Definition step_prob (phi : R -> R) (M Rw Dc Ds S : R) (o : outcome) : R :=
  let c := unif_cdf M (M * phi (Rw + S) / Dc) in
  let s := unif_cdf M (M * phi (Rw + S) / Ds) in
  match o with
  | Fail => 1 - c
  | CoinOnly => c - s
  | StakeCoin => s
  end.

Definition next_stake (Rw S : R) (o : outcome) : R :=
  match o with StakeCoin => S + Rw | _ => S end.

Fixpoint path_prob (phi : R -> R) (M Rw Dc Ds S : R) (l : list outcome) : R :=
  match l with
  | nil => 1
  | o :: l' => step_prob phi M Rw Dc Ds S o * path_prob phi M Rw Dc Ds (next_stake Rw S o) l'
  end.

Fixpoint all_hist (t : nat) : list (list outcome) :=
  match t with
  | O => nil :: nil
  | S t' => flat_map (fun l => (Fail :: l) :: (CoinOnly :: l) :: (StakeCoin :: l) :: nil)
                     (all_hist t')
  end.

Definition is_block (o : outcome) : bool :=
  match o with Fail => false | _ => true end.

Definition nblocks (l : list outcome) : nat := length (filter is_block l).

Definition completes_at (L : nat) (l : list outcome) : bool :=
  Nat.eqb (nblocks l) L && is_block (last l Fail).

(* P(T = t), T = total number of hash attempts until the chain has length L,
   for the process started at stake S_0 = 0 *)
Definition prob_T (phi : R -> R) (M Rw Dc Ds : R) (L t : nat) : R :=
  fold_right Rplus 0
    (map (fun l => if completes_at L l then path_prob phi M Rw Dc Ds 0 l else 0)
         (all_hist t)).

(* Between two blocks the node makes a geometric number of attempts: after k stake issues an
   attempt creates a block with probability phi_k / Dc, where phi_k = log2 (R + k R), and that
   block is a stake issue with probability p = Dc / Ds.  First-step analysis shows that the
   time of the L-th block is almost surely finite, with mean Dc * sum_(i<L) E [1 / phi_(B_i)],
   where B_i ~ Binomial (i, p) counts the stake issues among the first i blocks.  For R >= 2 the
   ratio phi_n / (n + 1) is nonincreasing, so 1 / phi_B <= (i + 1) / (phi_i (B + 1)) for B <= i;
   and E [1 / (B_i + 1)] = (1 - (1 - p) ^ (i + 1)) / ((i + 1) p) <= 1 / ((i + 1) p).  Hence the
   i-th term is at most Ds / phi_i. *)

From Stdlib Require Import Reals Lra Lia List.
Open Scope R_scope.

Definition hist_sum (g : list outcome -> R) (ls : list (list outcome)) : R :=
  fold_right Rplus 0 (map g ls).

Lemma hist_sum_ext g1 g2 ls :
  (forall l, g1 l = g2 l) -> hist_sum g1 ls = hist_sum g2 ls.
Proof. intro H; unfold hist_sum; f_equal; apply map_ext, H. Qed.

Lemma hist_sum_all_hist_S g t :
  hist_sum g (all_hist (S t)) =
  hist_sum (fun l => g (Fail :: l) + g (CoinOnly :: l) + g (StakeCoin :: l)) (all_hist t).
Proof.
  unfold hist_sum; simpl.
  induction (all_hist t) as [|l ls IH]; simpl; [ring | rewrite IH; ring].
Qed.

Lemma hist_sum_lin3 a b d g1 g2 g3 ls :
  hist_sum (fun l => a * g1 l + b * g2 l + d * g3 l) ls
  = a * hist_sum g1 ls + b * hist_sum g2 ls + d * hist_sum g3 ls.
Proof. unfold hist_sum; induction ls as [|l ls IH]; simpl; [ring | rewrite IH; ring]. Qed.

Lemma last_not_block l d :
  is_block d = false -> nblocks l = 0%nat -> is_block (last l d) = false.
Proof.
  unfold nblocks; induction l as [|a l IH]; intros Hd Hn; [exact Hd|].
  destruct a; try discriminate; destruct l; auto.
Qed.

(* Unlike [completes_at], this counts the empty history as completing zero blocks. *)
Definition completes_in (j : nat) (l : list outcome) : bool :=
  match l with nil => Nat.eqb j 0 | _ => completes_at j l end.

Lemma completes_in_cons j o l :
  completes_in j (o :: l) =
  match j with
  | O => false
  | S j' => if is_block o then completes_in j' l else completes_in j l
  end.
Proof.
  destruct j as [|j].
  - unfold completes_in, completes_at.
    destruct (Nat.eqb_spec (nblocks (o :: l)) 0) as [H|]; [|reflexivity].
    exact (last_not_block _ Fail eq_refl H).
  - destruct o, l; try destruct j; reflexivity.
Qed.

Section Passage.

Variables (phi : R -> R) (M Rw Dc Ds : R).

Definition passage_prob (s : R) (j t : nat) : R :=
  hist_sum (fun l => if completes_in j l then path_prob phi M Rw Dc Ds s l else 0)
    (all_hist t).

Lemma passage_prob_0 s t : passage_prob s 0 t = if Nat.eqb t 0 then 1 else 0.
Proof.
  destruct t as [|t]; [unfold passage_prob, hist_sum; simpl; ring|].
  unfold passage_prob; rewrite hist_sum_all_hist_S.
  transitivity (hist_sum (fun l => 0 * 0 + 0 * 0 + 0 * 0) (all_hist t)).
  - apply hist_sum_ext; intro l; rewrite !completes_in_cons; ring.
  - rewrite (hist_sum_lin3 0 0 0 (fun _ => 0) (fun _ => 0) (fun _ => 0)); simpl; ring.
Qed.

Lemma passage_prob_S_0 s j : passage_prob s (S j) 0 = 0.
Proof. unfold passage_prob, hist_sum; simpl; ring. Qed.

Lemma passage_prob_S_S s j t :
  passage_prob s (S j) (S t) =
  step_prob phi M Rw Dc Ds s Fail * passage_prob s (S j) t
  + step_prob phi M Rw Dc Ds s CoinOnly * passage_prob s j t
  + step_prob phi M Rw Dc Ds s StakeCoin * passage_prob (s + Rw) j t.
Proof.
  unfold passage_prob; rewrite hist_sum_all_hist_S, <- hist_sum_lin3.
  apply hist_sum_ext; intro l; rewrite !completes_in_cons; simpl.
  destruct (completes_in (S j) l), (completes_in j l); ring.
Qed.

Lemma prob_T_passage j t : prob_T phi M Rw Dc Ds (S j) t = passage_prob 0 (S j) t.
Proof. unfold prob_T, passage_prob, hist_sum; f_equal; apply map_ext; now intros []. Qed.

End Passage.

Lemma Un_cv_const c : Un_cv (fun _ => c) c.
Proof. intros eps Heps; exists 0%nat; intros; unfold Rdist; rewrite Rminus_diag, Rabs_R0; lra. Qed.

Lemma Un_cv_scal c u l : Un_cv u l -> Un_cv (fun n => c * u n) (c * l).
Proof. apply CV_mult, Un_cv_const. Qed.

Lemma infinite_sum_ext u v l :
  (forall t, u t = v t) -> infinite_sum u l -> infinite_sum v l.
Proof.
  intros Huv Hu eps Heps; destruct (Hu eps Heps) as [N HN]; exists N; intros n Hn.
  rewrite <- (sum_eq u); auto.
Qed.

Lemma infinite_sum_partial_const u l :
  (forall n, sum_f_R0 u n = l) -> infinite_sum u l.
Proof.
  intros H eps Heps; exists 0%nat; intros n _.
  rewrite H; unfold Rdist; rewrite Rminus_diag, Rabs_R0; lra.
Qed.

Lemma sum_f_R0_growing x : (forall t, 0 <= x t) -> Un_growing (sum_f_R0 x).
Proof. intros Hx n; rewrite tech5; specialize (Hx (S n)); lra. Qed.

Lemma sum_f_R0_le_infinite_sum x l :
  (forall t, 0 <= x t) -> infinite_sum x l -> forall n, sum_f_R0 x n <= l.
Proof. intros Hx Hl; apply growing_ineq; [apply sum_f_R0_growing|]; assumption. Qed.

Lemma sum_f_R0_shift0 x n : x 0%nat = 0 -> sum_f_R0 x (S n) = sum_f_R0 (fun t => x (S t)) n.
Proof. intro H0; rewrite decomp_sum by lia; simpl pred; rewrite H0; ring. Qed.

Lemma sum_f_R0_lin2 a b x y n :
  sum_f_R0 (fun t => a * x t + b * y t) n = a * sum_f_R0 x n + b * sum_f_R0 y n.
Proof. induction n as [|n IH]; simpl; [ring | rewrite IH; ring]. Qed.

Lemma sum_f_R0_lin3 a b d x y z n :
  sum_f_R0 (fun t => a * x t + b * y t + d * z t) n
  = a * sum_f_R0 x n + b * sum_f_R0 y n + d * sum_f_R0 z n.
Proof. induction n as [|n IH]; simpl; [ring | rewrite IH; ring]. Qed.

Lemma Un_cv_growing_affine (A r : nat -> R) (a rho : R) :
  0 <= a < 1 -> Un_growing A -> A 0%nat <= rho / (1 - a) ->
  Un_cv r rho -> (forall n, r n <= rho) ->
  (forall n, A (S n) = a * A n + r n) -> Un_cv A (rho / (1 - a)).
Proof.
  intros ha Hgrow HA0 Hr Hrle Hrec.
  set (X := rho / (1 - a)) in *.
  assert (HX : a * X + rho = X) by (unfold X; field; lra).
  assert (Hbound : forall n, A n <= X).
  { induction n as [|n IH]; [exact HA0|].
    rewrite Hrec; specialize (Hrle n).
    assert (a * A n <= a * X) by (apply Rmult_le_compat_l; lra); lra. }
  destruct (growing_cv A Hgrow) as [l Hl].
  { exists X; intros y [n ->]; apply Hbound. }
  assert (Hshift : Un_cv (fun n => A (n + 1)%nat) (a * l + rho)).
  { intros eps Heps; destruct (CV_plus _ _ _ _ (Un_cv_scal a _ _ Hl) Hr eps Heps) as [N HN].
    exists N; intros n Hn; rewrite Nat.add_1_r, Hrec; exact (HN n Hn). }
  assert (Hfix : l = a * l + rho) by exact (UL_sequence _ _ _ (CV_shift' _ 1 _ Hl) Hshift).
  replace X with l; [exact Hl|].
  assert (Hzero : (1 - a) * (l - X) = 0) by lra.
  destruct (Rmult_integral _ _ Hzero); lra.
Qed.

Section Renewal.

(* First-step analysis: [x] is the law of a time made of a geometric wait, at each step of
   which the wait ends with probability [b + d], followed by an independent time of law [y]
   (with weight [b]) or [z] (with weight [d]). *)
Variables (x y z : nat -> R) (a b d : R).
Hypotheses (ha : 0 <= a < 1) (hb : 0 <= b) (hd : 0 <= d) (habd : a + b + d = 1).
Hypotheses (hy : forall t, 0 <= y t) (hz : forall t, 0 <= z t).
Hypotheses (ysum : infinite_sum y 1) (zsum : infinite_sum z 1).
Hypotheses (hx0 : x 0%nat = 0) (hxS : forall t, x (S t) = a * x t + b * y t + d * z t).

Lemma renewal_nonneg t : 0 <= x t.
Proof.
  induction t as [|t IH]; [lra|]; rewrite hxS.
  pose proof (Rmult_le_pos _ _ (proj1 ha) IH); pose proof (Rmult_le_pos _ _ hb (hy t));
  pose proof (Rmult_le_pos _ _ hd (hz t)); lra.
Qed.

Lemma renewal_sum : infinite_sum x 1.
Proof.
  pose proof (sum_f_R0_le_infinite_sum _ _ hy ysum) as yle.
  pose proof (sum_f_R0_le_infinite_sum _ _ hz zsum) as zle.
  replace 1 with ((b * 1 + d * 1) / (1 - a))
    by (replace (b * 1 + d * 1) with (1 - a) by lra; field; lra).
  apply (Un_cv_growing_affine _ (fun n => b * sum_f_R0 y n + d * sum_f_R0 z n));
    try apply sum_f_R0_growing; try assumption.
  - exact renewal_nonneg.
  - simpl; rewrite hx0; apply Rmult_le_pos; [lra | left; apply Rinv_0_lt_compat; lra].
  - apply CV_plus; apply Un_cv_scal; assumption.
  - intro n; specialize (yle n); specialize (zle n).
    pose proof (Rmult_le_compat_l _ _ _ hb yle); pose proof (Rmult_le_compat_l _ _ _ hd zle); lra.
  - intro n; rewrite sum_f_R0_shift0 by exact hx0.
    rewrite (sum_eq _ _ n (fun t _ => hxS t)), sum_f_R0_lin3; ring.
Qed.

----------

What you have to do
Within the material above, copy exactly the lines from the line that holds "intros H eps" up to and including the line that holds "Lemma sum_f_R0_shift0 x".

Answer area
  intros H eps Heps; exists 0%nat; intros n _.
  rewrite H; unfold Rdist; rewrite Rminus_diag, Rabs_R0; lra.
Qed.

Lemma sum_f_R0_growing x : (forall t, 0 <= x t) -> Un_growing (sum_f_R0 x).
Proof. intros Hx n; rewrite tech5; specialize (Hx (S n)); lra. Qed.

Lemma sum_f_R0_le_infinite_sum x l :
  (forall t, 0 <= x t) -> infinite_sum x l -> forall n, sum_f_R0 x n <= l.
Proof. intros Hx Hl; apply growing_ineq; [apply sum_f_R0_growing|]; assumption. Qed.

Lemma sum_f_R0_shift0 x n : x 0%nat = 0 -> sum_f_R0 x (S n) = sum_f_R0 (fun t => x (S t)) n.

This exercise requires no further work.